[Dataset entries]

——

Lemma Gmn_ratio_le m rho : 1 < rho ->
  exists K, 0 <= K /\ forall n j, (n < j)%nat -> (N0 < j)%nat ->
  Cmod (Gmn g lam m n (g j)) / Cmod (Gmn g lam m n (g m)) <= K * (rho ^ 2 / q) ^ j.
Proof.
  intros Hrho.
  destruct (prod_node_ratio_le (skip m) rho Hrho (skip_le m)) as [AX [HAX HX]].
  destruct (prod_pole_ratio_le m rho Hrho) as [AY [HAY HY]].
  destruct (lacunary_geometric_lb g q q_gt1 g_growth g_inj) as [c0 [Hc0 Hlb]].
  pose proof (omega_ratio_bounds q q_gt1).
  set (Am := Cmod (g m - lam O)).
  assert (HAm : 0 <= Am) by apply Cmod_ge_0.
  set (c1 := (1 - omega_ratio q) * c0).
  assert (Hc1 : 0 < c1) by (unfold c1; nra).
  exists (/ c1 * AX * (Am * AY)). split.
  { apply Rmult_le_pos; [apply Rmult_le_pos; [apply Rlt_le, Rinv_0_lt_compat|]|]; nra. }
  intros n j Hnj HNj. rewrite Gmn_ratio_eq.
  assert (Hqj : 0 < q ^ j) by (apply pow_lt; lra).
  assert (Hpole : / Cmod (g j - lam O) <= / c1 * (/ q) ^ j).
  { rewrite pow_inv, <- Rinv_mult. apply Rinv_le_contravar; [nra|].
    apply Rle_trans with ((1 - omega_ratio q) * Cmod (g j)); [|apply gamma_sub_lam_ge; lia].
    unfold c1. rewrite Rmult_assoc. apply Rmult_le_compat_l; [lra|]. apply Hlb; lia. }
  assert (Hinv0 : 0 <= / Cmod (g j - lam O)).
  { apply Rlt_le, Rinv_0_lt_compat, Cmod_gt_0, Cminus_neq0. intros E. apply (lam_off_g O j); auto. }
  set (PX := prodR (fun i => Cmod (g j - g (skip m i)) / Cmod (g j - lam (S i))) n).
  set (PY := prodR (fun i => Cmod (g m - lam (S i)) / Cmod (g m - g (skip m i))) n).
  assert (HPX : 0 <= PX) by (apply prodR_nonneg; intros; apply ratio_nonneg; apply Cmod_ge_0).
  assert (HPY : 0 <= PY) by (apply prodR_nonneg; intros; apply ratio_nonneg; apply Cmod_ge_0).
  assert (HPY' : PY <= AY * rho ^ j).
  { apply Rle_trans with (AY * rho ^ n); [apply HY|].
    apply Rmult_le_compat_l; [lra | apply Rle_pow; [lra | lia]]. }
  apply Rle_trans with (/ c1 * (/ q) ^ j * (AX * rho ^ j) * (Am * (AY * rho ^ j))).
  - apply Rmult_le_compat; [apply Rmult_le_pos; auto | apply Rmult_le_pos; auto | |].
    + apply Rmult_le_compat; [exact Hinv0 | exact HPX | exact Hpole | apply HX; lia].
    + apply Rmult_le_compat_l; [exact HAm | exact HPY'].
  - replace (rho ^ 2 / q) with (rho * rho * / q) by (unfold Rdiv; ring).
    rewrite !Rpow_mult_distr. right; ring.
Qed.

——

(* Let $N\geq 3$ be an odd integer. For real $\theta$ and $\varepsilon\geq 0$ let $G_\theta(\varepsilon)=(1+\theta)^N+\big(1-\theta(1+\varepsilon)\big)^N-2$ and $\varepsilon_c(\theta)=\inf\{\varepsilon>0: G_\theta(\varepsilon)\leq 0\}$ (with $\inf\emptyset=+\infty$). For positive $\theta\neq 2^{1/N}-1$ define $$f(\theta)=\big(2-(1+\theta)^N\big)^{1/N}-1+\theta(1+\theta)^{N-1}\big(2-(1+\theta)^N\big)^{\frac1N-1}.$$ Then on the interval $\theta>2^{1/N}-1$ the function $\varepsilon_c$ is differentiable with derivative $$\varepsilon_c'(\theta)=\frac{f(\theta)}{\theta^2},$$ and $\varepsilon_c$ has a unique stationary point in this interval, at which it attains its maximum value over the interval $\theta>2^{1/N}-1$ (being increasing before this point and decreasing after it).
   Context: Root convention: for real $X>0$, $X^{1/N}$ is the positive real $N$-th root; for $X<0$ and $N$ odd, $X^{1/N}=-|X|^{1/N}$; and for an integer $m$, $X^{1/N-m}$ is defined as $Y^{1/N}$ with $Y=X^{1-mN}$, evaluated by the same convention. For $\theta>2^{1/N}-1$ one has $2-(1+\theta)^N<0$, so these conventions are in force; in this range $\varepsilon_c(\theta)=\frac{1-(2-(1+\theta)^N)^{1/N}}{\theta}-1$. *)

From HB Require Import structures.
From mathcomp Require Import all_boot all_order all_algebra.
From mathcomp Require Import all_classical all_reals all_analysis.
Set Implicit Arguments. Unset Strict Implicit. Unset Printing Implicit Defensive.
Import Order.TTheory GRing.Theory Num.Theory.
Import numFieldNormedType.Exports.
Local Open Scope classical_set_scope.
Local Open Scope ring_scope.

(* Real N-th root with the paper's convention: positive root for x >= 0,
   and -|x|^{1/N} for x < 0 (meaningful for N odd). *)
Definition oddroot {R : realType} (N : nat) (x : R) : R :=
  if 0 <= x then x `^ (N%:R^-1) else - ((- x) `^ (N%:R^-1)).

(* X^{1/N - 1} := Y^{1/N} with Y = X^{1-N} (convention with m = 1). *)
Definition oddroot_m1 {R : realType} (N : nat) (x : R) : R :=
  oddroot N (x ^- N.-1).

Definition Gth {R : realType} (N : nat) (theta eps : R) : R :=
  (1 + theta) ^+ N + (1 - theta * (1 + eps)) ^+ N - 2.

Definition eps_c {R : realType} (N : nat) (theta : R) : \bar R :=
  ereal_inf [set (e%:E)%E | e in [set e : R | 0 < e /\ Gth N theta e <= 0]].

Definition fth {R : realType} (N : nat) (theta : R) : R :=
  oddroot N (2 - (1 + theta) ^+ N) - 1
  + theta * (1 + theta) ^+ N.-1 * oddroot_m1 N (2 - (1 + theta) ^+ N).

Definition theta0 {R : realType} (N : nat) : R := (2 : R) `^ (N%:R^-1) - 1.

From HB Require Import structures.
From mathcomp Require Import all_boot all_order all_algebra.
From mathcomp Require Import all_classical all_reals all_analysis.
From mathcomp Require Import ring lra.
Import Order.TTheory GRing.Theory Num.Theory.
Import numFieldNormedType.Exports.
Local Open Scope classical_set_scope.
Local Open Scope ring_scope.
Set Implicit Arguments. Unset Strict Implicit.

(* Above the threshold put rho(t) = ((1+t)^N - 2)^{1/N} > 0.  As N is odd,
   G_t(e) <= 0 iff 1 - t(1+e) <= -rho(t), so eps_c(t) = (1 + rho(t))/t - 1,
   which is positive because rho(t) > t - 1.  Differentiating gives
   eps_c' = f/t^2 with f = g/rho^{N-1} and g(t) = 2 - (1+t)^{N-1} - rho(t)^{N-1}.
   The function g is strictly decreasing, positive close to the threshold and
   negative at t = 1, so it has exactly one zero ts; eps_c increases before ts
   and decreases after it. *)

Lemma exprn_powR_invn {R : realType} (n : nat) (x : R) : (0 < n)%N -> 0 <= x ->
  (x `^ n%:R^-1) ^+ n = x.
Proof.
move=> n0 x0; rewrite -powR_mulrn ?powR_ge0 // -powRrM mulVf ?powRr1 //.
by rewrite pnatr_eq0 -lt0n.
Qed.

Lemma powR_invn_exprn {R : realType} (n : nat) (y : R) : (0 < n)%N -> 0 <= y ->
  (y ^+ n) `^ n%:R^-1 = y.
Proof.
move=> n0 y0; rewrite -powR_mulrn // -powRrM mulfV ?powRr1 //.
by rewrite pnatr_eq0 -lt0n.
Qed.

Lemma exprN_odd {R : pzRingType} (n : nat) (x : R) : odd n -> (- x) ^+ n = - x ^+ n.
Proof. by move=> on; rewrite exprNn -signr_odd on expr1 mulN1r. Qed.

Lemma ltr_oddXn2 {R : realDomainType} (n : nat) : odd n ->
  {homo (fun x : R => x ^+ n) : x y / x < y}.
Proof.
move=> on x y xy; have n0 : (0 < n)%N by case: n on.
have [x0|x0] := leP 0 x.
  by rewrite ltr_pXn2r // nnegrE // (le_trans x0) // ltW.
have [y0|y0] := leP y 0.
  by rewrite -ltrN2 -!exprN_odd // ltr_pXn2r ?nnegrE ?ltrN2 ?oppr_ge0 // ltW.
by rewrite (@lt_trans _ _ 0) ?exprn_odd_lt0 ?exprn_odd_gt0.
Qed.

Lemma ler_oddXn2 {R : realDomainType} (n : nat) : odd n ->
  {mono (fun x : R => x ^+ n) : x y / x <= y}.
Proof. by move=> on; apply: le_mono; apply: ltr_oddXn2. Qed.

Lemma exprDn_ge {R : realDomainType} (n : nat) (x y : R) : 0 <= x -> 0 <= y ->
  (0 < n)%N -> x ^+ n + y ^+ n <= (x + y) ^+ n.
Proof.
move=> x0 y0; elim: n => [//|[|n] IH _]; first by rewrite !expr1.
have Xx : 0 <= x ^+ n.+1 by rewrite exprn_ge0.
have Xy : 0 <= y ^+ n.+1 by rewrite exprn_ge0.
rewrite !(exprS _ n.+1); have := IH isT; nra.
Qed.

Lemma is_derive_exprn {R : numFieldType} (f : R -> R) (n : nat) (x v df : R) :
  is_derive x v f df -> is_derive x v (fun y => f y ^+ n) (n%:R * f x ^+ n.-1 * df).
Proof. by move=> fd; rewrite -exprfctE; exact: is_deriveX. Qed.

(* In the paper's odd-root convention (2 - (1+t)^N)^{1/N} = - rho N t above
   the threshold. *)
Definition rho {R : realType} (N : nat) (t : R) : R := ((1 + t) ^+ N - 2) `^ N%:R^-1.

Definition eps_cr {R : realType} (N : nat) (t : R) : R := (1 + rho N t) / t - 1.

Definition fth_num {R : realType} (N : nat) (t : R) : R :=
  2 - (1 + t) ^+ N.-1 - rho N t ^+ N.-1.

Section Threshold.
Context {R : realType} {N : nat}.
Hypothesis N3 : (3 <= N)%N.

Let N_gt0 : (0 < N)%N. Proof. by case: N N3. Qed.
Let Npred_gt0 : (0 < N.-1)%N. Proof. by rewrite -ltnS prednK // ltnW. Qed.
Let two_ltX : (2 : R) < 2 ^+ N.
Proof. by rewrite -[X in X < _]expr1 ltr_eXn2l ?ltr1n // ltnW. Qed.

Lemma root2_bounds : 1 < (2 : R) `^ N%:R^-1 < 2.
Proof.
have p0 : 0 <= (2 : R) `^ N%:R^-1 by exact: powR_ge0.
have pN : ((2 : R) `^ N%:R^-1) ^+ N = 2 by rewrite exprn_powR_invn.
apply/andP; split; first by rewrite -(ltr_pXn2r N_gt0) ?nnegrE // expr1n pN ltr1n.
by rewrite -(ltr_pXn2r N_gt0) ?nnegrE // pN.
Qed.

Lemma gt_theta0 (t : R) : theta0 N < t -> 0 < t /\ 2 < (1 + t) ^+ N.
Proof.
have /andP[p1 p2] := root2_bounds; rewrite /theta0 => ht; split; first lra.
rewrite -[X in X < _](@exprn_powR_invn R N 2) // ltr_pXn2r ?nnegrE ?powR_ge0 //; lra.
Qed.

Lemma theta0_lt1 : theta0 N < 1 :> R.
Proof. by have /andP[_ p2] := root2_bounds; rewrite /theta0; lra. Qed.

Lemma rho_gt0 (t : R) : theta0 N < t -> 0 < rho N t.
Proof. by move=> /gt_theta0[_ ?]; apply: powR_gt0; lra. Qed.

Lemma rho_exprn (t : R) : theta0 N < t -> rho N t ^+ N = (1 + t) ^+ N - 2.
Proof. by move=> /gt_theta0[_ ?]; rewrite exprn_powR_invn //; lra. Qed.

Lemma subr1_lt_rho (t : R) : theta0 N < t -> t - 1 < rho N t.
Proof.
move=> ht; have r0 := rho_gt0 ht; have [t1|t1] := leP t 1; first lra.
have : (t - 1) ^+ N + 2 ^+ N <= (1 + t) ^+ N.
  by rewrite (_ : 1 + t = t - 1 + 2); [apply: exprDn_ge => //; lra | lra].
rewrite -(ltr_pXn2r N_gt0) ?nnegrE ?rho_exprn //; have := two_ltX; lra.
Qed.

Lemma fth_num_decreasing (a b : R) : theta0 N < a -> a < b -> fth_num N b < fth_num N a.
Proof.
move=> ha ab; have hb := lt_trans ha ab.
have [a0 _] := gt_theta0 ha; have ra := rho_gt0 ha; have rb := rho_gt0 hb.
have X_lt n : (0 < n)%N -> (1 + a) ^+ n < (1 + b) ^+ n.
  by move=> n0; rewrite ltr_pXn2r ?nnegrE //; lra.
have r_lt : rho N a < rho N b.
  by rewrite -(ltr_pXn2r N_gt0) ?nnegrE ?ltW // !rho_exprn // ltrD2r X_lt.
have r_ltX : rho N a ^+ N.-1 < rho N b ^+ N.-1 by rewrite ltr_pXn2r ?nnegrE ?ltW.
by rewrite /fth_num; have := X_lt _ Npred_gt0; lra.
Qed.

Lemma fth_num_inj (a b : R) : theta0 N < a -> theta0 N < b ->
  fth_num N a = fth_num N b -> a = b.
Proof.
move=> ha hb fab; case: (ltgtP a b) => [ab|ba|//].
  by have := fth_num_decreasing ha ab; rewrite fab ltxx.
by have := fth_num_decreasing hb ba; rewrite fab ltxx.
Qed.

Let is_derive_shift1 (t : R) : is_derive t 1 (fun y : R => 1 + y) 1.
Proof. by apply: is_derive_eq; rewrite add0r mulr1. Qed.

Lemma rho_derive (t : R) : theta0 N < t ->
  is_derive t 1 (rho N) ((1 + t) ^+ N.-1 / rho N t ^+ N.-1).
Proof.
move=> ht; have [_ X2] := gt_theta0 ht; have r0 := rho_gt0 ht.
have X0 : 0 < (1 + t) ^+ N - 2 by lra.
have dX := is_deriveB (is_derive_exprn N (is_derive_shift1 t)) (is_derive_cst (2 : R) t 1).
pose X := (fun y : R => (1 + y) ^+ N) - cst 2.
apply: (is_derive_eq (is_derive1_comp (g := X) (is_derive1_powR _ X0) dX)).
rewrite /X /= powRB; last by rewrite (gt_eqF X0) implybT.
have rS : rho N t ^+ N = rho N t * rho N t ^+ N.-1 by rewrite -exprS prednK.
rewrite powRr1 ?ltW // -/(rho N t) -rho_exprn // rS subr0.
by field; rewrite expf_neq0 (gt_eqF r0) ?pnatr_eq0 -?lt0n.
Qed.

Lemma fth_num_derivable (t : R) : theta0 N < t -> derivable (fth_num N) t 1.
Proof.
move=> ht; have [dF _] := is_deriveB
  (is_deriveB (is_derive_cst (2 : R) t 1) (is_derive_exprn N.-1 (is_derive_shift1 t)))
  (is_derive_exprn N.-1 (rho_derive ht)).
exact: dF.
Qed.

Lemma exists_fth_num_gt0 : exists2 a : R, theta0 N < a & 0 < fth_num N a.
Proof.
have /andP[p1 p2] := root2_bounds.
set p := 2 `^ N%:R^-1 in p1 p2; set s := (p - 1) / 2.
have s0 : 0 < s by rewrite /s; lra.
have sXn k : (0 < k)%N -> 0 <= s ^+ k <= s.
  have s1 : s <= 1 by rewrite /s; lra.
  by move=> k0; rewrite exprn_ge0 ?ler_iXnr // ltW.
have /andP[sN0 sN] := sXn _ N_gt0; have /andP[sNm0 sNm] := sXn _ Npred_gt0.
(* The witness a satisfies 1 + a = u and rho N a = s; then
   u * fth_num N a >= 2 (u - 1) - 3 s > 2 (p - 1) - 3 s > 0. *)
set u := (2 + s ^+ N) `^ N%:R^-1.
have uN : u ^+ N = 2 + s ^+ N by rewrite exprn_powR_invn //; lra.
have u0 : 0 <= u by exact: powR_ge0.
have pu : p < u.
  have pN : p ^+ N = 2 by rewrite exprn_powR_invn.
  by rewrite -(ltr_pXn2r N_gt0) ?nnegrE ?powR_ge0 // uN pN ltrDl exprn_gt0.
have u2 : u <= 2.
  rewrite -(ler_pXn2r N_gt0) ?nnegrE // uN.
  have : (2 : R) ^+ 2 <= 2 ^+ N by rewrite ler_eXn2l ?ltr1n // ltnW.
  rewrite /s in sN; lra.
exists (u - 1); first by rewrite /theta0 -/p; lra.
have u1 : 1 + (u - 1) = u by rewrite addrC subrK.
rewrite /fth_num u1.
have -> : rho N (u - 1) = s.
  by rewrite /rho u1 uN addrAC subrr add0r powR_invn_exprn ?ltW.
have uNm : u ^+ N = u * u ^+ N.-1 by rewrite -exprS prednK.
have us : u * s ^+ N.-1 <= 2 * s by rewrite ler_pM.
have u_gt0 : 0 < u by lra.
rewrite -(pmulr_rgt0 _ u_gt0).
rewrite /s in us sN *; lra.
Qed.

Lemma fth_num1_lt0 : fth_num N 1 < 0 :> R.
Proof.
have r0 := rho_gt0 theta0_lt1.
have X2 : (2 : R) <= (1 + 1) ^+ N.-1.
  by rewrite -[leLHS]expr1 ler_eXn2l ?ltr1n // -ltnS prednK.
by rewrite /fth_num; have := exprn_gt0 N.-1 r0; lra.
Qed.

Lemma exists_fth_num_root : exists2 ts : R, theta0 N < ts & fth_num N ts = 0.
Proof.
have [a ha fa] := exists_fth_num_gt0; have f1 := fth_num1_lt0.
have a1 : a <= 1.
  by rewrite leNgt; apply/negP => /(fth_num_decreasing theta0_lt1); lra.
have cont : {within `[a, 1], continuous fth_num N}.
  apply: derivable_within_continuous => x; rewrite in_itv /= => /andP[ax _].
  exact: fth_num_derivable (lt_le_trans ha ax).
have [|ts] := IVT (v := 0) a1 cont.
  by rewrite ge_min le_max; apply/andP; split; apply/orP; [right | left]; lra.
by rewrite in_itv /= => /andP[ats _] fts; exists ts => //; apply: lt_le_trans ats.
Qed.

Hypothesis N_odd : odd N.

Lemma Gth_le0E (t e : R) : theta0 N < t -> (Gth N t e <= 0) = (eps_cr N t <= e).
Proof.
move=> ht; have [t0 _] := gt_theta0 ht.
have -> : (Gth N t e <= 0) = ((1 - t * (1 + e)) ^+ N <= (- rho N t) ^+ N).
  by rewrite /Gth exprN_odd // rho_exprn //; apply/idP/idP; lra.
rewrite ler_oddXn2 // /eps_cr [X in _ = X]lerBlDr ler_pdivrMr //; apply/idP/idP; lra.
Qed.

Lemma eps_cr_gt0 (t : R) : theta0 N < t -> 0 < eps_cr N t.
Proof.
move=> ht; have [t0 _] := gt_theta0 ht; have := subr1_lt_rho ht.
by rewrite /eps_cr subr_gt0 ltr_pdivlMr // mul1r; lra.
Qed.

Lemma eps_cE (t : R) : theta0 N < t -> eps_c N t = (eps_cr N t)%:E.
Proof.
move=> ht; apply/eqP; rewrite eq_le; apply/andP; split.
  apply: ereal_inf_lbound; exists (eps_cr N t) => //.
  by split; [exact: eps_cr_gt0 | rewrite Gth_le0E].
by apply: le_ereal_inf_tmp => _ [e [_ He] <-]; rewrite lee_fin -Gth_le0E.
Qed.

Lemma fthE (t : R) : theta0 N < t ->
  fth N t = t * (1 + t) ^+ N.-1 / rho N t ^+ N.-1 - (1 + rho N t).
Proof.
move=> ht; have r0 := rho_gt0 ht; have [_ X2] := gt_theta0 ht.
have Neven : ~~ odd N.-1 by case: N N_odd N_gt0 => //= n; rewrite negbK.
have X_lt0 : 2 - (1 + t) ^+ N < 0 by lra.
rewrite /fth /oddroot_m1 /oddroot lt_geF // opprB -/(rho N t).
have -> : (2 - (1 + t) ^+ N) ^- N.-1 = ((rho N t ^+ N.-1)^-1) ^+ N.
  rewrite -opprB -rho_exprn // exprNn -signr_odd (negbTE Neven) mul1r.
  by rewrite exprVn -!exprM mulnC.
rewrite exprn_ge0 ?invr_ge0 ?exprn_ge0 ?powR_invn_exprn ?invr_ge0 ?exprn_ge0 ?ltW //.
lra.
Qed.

——

## Task to complete
Where a line in the records above contains the string "realType", copy that line.

## Solved exercise
Definition oddroot {R : realType} (N : nat) (x : R) : R :=
Definition oddroot_m1 {R : realType} (N : nat) (x : R) : R :=
Definition Gth {R : realType} (N : nat) (theta eps : R) : R :=
Definition eps_c {R : realType} (N : nat) (theta : R) : \bar R :=
Definition fth {R : realType} (N : nat) (theta : R) : R :=
Definition theta0 {R : realType} (N : nat) : R := (2 : R) `^ (N%:R^-1) - 1.
Lemma exprn_powR_invn {R : realType} (n : nat) (x : R) : (0 < n)%N -> 0 <= x ->
Lemma powR_invn_exprn {R : realType} (n : nat) (y : R) : (0 < n)%N -> 0 <= y ->
Definition rho {R : realType} (N : nat) (t : R) : R := ((1 + t) ^+ N - 2) `^ N%:R^-1.
Definition eps_cr {R : realType} (N : nat) (t : R) : R := (1 + rho N t) / t - 1.
Definition fth_num {R : realType} (N : nat) (t : R) : R :=
Context {R : realType} {N : nat}.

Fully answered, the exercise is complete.